Data entries:
++++++++

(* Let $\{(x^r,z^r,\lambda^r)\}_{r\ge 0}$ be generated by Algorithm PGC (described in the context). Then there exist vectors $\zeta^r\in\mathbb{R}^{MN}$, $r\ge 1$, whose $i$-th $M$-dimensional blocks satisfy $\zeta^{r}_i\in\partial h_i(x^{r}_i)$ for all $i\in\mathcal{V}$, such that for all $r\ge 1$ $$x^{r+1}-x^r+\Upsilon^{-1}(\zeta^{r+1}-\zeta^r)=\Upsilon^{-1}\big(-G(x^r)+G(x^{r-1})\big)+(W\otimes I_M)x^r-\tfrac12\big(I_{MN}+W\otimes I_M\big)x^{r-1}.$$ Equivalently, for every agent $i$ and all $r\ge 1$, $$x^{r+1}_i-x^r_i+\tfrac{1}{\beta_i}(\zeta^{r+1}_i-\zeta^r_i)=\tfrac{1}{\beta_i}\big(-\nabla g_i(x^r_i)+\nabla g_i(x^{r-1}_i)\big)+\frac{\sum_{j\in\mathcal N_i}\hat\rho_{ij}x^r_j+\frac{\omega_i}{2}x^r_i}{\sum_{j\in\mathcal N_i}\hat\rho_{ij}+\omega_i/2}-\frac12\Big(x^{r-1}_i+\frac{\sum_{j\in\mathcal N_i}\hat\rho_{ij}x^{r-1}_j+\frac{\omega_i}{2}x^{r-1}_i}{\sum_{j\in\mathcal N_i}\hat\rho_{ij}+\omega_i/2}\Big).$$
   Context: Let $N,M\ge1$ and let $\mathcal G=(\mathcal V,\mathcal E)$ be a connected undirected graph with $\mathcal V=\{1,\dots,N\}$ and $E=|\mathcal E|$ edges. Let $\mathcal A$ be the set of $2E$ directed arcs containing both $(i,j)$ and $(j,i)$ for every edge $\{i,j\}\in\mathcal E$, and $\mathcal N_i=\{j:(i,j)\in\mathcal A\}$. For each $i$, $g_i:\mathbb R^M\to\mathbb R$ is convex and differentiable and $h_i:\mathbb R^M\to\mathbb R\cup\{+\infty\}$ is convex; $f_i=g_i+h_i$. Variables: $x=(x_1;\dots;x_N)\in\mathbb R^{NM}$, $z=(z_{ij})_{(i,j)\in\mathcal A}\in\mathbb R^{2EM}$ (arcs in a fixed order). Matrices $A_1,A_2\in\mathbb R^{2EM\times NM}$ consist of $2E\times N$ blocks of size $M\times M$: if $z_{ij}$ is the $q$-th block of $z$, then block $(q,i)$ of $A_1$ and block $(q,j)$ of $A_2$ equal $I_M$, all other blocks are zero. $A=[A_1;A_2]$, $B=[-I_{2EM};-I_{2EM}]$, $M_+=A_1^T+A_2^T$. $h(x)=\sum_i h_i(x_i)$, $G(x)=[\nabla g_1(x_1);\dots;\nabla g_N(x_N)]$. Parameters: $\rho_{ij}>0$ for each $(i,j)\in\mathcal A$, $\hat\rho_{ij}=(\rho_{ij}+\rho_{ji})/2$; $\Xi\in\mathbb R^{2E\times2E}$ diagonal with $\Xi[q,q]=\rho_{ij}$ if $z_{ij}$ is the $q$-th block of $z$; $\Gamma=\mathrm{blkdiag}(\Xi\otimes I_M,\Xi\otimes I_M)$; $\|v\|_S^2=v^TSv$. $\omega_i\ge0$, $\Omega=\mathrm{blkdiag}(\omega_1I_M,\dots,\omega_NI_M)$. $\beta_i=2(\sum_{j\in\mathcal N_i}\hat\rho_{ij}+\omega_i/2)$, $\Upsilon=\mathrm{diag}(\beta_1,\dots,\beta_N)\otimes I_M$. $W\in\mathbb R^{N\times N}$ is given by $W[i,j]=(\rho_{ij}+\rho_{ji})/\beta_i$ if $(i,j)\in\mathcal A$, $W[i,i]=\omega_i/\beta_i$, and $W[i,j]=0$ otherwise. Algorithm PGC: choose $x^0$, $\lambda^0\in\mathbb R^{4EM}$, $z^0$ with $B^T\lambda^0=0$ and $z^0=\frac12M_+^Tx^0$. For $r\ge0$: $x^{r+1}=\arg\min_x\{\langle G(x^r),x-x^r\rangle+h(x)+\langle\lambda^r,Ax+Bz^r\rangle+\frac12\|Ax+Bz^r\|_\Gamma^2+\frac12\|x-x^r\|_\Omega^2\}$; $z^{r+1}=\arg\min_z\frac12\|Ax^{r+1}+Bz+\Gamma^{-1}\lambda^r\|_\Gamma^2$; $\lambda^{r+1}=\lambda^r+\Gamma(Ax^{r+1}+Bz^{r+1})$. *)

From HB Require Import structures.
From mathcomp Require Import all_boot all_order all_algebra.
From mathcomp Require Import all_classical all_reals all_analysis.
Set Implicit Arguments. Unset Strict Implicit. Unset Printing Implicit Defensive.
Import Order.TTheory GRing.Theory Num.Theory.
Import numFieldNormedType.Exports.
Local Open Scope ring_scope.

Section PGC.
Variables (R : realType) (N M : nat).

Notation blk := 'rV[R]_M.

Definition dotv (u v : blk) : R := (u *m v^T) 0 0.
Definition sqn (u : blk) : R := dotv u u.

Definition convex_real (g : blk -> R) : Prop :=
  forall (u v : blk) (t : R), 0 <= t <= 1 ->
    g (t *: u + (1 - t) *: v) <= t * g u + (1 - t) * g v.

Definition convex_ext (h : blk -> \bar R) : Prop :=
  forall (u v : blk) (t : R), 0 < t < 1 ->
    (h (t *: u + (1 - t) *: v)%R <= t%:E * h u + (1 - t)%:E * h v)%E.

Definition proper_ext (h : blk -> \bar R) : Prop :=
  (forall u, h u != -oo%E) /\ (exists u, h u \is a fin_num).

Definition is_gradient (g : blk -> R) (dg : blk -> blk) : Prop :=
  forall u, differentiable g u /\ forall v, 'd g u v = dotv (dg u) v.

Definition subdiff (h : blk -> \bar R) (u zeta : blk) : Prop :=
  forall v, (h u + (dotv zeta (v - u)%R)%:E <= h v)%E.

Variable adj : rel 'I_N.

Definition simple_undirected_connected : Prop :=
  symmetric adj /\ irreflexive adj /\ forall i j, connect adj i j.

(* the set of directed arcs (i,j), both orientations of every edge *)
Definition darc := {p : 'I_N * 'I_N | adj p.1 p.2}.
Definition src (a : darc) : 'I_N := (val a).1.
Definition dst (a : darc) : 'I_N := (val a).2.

++++++++

#### REQUIREMENT
Among the entries above, the lines between the ones containing "forall (u v : blk) (t : R), 0 <= t <= 1 ->" and "symmetric adj /\", inclusive, are to be transcribed exactly. No other line is to be given.

#### THE COMPLETED TASK
  forall (u v : blk) (t : R), 0 <= t <= 1 ->
    g (t *: u + (1 - t) *: v) <= t * g u + (1 - t) * g v.

Definition convex_ext (h : blk -> \bar R) : Prop :=
  forall (u v : blk) (t : R), 0 < t < 1 ->
    (h (t *: u + (1 - t) *: v)%R <= t%:E * h u + (1 - t)%:E * h v)%E.

Definition proper_ext (h : blk -> \bar R) : Prop :=
  (forall u, h u != -oo%E) /\ (exists u, h u \is a fin_num).

Definition is_gradient (g : blk -> R) (dg : blk -> blk) : Prop :=
  forall u, differentiable g u /\ forall v, 'd g u v = dotv (dg u) v.

Definition subdiff (h : blk -> \bar R) (u zeta : blk) : Prop :=
  forall v, (h u + (dotv zeta (v - u)%R)%:E <= h v)%E.

Variable adj : rel 'I_N.

Definition simple_undirected_connected : Prop :=
  symmetric adj /\ irreflexive adj /\ forall i j, connect adj i j.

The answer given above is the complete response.